2.5d Cross-context exposure list
End this step with an explicit list of "places this change is visible from but the diff does not touch". This is the highest-priority input for the bug-hunting agents in Step 3.
Group the callsites from 2.5b by execution context. Typical contexts in this codebase:
LineSender interface surface: all six ILP structs + qwpLineSender — any interface-method change must be correct in all seven
QwpSender superset: code that type-asserts LineSender to QwpSender for QWP-only column types
- Buffer build hot path:
Table, Symbol, the *Column methods, At/AtNow and their callers (0-alloc pinned)
- Flush path:
Flush, FlushAndGetSequence, AwaitAckedFsn
- Auto-flush path: the non-blocking
enqueueCursor path and whatever triggers it
- QWP cursor engine + send loop:
qwpSfCursorEngine, engineAppendBlocking, qwpSfSendLoop, reconnect/replay, ACK parsing, engineAckedFsn/enginePublishedFsn (qwp_sf_*.go)
- Background drainer goroutines: orphan-slot adoption (
qwp_sf_orphan.go, qwp_sf_drainer.go, qwp_sf_round_walk.go), visible via QwpSender.BackgroundDrainers()
- Disk-backed segments:
sf_dir set → <sf_dir>/<sender_id>/*.sfa (the per-sender directory is itself the slot), on-disk-compatible with the Java client's MmapSegment.java
- Configuration parsing:
LineSenderFromConf, conf_parse.go
- Authentication / TLS: TLS config, basic/token auth on HTTP/TCP, QWP handshake
- Error callback:
WithErrorHandler async path, plus producer-side errors.As after Flush/FlushAndGetSequence
- Connection pool:
sender_pool.go (LineSenderPool), HTTP-only
- Examples & benchmarks:
examples/{from-conf,http,qwp,tcp}, bench/ — referenced by examples.manifest.yaml
- Interop conformance:
interop_test.go + the test/interop/questdb-client-test submodule (ILP vectors shared across QuestDB clients)
Every entry on this list must be reviewed in Step 3.
Step 3: Parallel review
Every agent receives:
- The PR diff
- The full change surface map from Step 2.5 (semantic deltas, callsite inventory, implicit contracts, cross-context exposure list)
Anti-anchoring directive (applies to all agents)
- Bugs at callsites outside the diff outrank bugs inside the diff.
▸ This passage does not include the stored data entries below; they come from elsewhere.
(* Let $p,p'\ge1$ with $|p-p'|=1$ and let $X=\alpha_{(p,p')}(Y)$ where $Y$ is a Sturmian word in which $bb$ does not occur. Then: (i) $|M_{(X,b)}\cap O_X|=1$; (ii) $|M_{(X,a)}\cap O_X|=(k+1)/2$, where $k$ is the (unique) odd element of $\{p-1,p'-1\}$; (iii) $|M_{(X,aa)}\cap O_X|=k/2$, where $k$ is the (unique) even element of $\{p-1,p'-1\}$; (iv) $|M_X\cap O_X|=\max(p,p')$.
   Context: $\alpha_{(p,p')}$ is the morphism $a\mapsto a^pb$, $b\mapsto a^{p'}b$. A Sturmian word is a right-infinite aperiodic word over $\{a,b\}$ with exactly $n+1$ factors of each length $n$. A palindrome $P$ is maximal in $X$ if $lPl'$ is a factor of $X$ for letters $l\neq l'$ (a maximal occurrence). $M_X$ is the set of distinct maximal palindromes of $X$; $M_{(X,a)}$, $M_{(X,b)}$, $M_{(X,aa)}$ are those whose center (middle letter for odd length, middle two letters for even length) is $a$, $b$, $aa$ respectively. A center occurrence is an occurrence of $a$, $b$ or $aa$. Write $Y=y_1y_2\cdots$, $X=\alpha(y_1)\alpha(y_2)\cdots$, $\alpha(y_j)$ at positions $s_j+1,\dots,s_j+|\alpha(y_j)|$, $s_j=\sum_{t<j}|\alpha(y_t)|$. The reflection of an occurrence $y_j=a$ (resp. $b$) is the center of the run $a^p$ (resp. $a^{p'}$) at positions $s_j+1,\dots,s_j+p$ (resp. $s_j+p'$); the reflection of an occurrence $y_jy_{j+1}=aa$ is the $b$ at position $s_j+p+1$. A center occurrence of $X$ is original if it is not the reflection of any center occurrence of $Y$. $O_X$ is the set of original palindromes: maximal palindromes of $X$ having a maximal occurrence whose center occurrence is original. *)

(* Words over {a,b} are encoded with bool:
   a := false, b := true.  Infinite words are functions nat -> bool,
   positions are 0-indexed (the paper's position q+1 is our q). *)
From mathcomp Require Import all_boot.
Set Implicit Arguments. Unset Strict Implicit. Unset Printing Implicit Defensive.

Definition a : bool := false.
Definition b : bool := true.

Definition occurs_at (X : nat -> bool) (w : seq bool) (i : nat) : Prop :=
  forall j, j < size w -> X (i + j) = nth a w j.

Definition factor (X : nat -> bool) (w : seq bool) : Prop :=
  exists i, occurs_at X w i.

Definition has_card (S : seq bool -> Prop) (n : nat) : Prop :=
  exists s : seq (seq bool), [/\ uniq s, size s = n & forall w, S w <-> w \in s].

Definition eventually_periodic (X : nat -> bool) : Prop :=
  exists per N, 0 < per /\ forall i, N <= i -> X (i + per) = X i.

Definition sturmian (X : nat -> bool) : Prop :=
  ~ eventually_periodic X /\
  forall n, has_card (fun w => size w = n /\ factor X w) n.+1.

Definition alpha (p p' : nat) (l : bool) : seq bool :=
  if l then rcons (nseq p' a) b else rcons (nseq p a) b.

Definition spos (p p' : nat) (Y : nat -> bool) (j : nat) : nat :=
  \sum_(t < j) size (alpha p p' (Y t)).

(* X = alpha(y_1) alpha(y_2) ... : alpha(y_j) occupies positions s_j, ..., s_j+|alpha(y_j)|-1 *)
Definition is_alpha_image (p p' : nat) (Y X : nat -> bool) : Prop :=
  forall j k, k < size (alpha p p' (Y j)) ->
    X (spos p p' Y j + k) = nth a (alpha p p' (Y j)) k.

Definition palindrome (w : seq bool) : Prop := rev w = w.

Definition maximal_occ (X : nat -> bool) (P : seq bool) (i : nat) : Prop :=
  0 < i /\ occurs_at X P i /\ X i.-1 <> X (i + size P).

Definition MX (X : nat -> bool) (P : seq bool) : Prop :=
  palindrome P /\ exists i, maximal_occ X P i.

Definition word_center (P : seq bool) : seq bool :=
  let n := size P in
  if odd n then [:: nth a P n./2]
  else if n == 0 then [::] else [:: nth a P n./2.-1; nth a P n./2].

Definition MXc (X : nat -> bool) (c : seq bool) (P : seq bool) : Prop :=
  MX X P /\ word_center P = c.

(* A center occurrence is encoded as (start position, length), length 1 (an
   occurrence of a or b) or 2 (an occurrence of aa). *)
Definition center_occ (X : nat -> bool) (c : nat * nat) : Prop :=
  c.2 = 1 \/ (c.2 = 2 /\ X c.1 = a /\ X c.1.+1 = a).

(* center occurrence of the factor of length n >= 1 starting at i *)
Definition mid (i n : nat) : nat * nat :=
  if odd n then (i + n./2, 1) else (i + n./2 - 1, 2).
A confirmed bug in a file the PR did not touch but that calls a changed symbol is a P0 finding.
- "Looks correct in isolation" is not a valid conclusion. Before clearing a changed symbol, the agent must walk the callsite inventory from 2.5b and explicitly state, per callsite, whether the new behavior is still correct there.
- The diff is the entry point, not the scope. If the change surface map shows the symbol is reachable from N other files, the review covers N+1 files.
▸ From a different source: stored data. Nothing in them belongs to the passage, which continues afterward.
Theorem lemma3p2 (R : realType) (c : 'I_3 -> CC R)
  (hna : ~ aligned (c ord0) (c (inord 1)) (c (inord 2)))
  (hsum : c ord0 + c (inord 1) + c (inord 2) = 0) :
  forall eta : R, 0 < eta ->
  exists eps0 alpha0 : R,
    [/\ 0 < eps0 < eta, 0 < alpha0 < eta &
    forall rho : CC R,
      (1 - alpha0)%:C <= `|rho| <= (1 + alpha0)%:C ->
      let phi := fun (j : 'I_3) (z : CC R) => rho * z + eps0%:C * c j in
      closure (udisc R) `<=` \bigcup_(j : 'I_3) (phi j @` udisc R) /\
      exists H : 'I_3 -> set (CC R),
        [/\ forall j, open (H j),
            udisc R = \bigcup_(j : 'I_3) H j,
            forall j, closure (phi j @` (H j)) `<=` udisc R &
            forall j, closure (phi j @` (cdilate (3^-1) (H j)))
                        `<=` cdilate (3^-1) (udisc R)]].
Proof.
move=> eta eta_gt0.
have [d0 d0_gt0 spread0] := spread_directions
  (crossc_neq0_of_not_aligned hna hsum) (etrans (sum_ord3 c) hsum).
pose d := Num.min d0 1.
have d_bd : 0 < d <= 1 by rewrite lt_min d0_gt0 ltr01 ge_min lexx orbT.
have spread v : exists j, dotc v (c j) <= - (d * normc v).
  have [j dot_le] := spread0 v; exists j; apply: le_trans dot_le _.
  by rewrite lerN2 ler_wpM2r ?normc_ge0 // ge_min lexx.
pose W := \big[Num.max/1]_j normc (c j) ^+ 2.
have [eps [alpha [eps_bd alpha_bd eps_W eps_d alpha_le]]] :=
  small_parameters d_bd (bigmax_ge_id _ _ _ _ : 1 <= W) eta_gt0.
exists eps, alpha; split => // rho rho_near1 phi.
case/andP: d_bd eps_bd alpha_bd => d_gt0 _ /andP[eps_gt0 _] /andP[/ltW alpha_ge0 _].
have {}rho_near1 : 1 - alpha <= normc rho <= 1 + alpha.
  by rewrite -!lecR -normr_normc.
have eps_c j : 6 * eps * normc (c j) ^+ 2 <= d.
  apply: le_trans eps_W; apply: ler_wpM2l; last exact: le_bigmax.
  by rewrite mulr_ge0 ?ltW.
split; first exact: (closed_udisc_covered c d eps alpha rho).
exists (cover_piece c d eps rho); split.
- exact: open_cover_piece.
- exact: (udisc_bigcup_cover_piece c d eps alpha rho).
- exact: closure_phi_cover_piece.
- exact: closure_phi_cover_piece_third.
Qed.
- A single finding of the form "in
tcp_sender.go the new behavior of buffer.column causes Y in tcpLineSenderV3" is worth more than five findings inside the diff.
Agents
Launch the following agents in parallel.
Agent 1 — Correctness & bugs: nil handling at API boundaries, edge cases, logic errors, off-by-one, operator precedence, error paths, integer overflow/truncation (buffer length math, FSN/sequence arithmetic, varint/length-prefix encoding), wrong wire bytes. Verify ILP encoding per protocol version (V1 text-only, V2 binary float64 + n-dim float arrays, V3 decimals) and QWP frame/codec correctness. Cross-reference every changed symbol against its callsite inventory and verify the new behavior is correct at each callsite.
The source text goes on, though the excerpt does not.